The shiphandler must know all about the ship’s characteristics, such as tonnage, propulsion system, rudders, response times, etc. Even the underwater shape of the hull and the size of the superstructure (the part of the ship above deck) may need to be factored into maneuvering decisions. A shiphandler must always be thinking ahead about the time and distance it will take before the ship responds to a change in direction or speed. Unlike a car, there are no brakes that will stop you very quickly! When a ship must come to a new speed or heading, the action to make it happen must occur at some time or distance before it is actually needed. This time or distance can be calculated -- and for precise maneuvers, it is. In most cases, however, a shiphandler relies on experience and an intimate knowledge of the vessel to execute maneuvers in time. No two ships are alike, and even sister ships will handle differently. While a textbook knowledge of the techniques and forces involved is important, a shiphandler gets good at it only through actual hands-on experience. A seasoned shiphandler will also employ a good measure of “seaman’s eye” in judging speed, time, and distance.

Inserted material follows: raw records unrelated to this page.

(* Let $k\geq 2$, $n,m,p,z$ be nonnegative integers, and let $R\in\mathcal R^n_{m,p,z}\cap\mathcal M$. Let $w$ be chosen uniformly at random from $[k]^n$, and let $B_R$ be the event that $w$ contains a regular pair of twins $(w_1,w_2)$ with $R(w_1,w_2,w)=R$. Then \[ \Pr[B_R]=(1/k)^m(1-1/k)^{p+n-2m-z}. \]
   Context: $[k]=\{1,\dots,k\}$; $w[i]$ is the $i$-th letter of $w$. Two subsequences of $w$ are twins if they are equal as words and use disjoint sets of positions of $w$. Twins $(w_1,w_2)$ are monotone if for every $i$ the $i$-th letter of $w_1$ occurs in $w$ before the $i$-th letter of $w_2$. For monotone twins, $R(w_1,w_2,w)\in\{0,1,2\}^n$ is given by $R[i]=0$ if position $i$ is in neither twin, $1$ if it is in $w_1$, $2$ if it is in $w_2$. Monotone twins are regular if (a) there are no $i<j$ with $R[i]=2$, $R[j]=1$, $R[k']=0$ for all $i<k'<j$, and $w[i]=w[j]$; and (b) there are no $i<j$ with $R[i]\in\{1,2\}$, $R[j]=0$, $R[k']=0$ for all $i<k'<j$, and $w[i]=w[j]$. $\mathcal R^n_m$ is the set of words in $\{0,1,2\}^n$ in which the letters $1$ and $2$ each occur exactly $m$ times. For $R\in\{0,1,2\}^n$, $p(R)$ is the number of occurrences of the pattern consisting of a $2$, followed by zero or more $0$'s, followed by a $1$ (as consecutive letters), and $z(R)$ is the length of the longest prefix of $R$ consisting only of $0$'s. $\mathcal R^n_{m,p,z}=\{R\in\mathcal R^n_m: p(R)=p,\ z(R)=z\}$. $\mathcal M$ is the set of words in $\{0,1,2\}^n$ in which every prefix contains at least as many $1$'s as $2$'s. *)

From HB Require Import structures.
From mathcomp Require Import all_boot all_order all_algebra.
Set Implicit Arguments. Unset Strict Implicit. Unset Printing Implicit Defensive.

(* Words R in {0,1,2}^n are sequences of naturals (letters 0,1,2);
   words w in [k]^n are n-tuples over 'I_k (letter a+1 of [k] <-> a : 'I_k). *)

Definition between0 (R : seq nat) (i j : nat) : bool :=
  all (fun t => nth 0 R t == 0) (iota i.+1 (j - i.+1)).

Definition pat21 (R : seq nat) (i j : nat) : bool :=
  [&& i < j, j < size R, nth 0 R i == 2, nth 0 R j == 1 & between0 R i j].

Definition p_of (R : seq nat) : nat :=
  \sum_(i < size R) \sum_(j < size R) pat21 R i j.

Definition z_of (R : seq nat) : nat :=
  \max_(l < (size R).+1 | all (fun x => x == 0) (take l R)) l.

Definition in_Rnm (n m : nat) (R : seq nat) : bool :=
  [&& size R == n, all (fun x => x < 3) R,
      count_mem 1 R == m & count_mem 2 R == m].

Definition in_M (R : seq nat) : Prop :=
  forall l, count_mem 2 (take l R) <= count_mem 1 (take l R).

Section Twins.
Variables (k n : nat).
Implicit Types (w : n.-tuple 'I_k) (S : {set 'I_n}).

Definition subword w S : seq 'I_k := [seq tnth w i | i <- enum S].

Definition positions S : seq nat := [seq val i | i <- enum S].

Definition twins w S1 S2 : bool :=
  [disjoint S1 & S2] && (subword w S1 == subword w S2).

Definition monotone S1 S2 : bool :=
  [forall t : 'I_n, (t < #|S1|) ==> (nth 0 (positions S1) t < nth 0 (positions S2) t)].

Definition R_of S1 S2 : seq nat :=
  [seq (if i \in S1 then 1 else if i \in S2 then 2 else 0) | i <- enum 'I_n].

Besides the ship-generated forces, such as from propellers and rudders, there are other forces that the shiphandler must contend with. Wind can push a ship in an unintended direction, and currents in the water can do it even faster. In shallow waters and channels, or near structures like piers and wharves, other forces with names like bow cushion, stern suction, and squat come into play. Any one of these forces can lead to disaster if they are not taken into account. By thinking ahead and planning, the shiphandler can actually use these adverse adverse forces to help, rather than hinder, the maneuver.

Many ships use a fixed propeller on a horizontal shaft to push themselves through the water. A rudder is mounted behind the propeller to steer the ship. RV Melville is among a growing group of vessels using “azimuthing (directional) propellers” or “thrusters” to drive themselves. These vessels have no rudders. The propellers can be swiveled on a vertical shaft to get thrust in any direction. RV Melville has two such thrusters mounted side by side at the stern of the ship, one port and one starboard. The propellers are about nine feet in diameter and are mounted inside a nozzle (see today’s slide show). RV Melville carries a third thruster in the bow of the ship. This bow thruster, or B/T for short, is used in conjunction with the stern thrusters to give the ship a very high degree of precise maneuverability. It is used when holding a position out at sea or when maneuvering alongside a dock in a harbor. When not in use, it is retracted into the hull.

Each thruster has its own controller on the Bridge so the shiphandler can manually set azimuth (direction) and RPM (revolutions per minute of the propeller). RV Melville also has a dynamic positioning system (DPS). When we are using the DPS, the control of all three thrusters, or any combination of them, is turned over to a single joystick. The combination of thrusters and joystick control allows the shiphandler to do some pretty fancy maneuvers, including turning the ship on a dime and moving sideways through the water! The ship responds to the thrusters very quickly, which greatly reduces the lead in time and distance that we talked of earlier. For certain scientific operations, it is important to hold the ship in position for hours, sometimes days. The DPS can hold the ship within a 10-meter radius, even in 40 knots of wind, 20-30 foot waves, and several knots of surface current.

Shiphandling is a very technical subject and I’ve just given you the basics here. There are lots of excellent books out there. One of my favorites is Crenshaw’s Naval Shiphandling published by the Naval Institute Press. Another noteworthy publisher of technical nautical books is Cornell Maritime Press.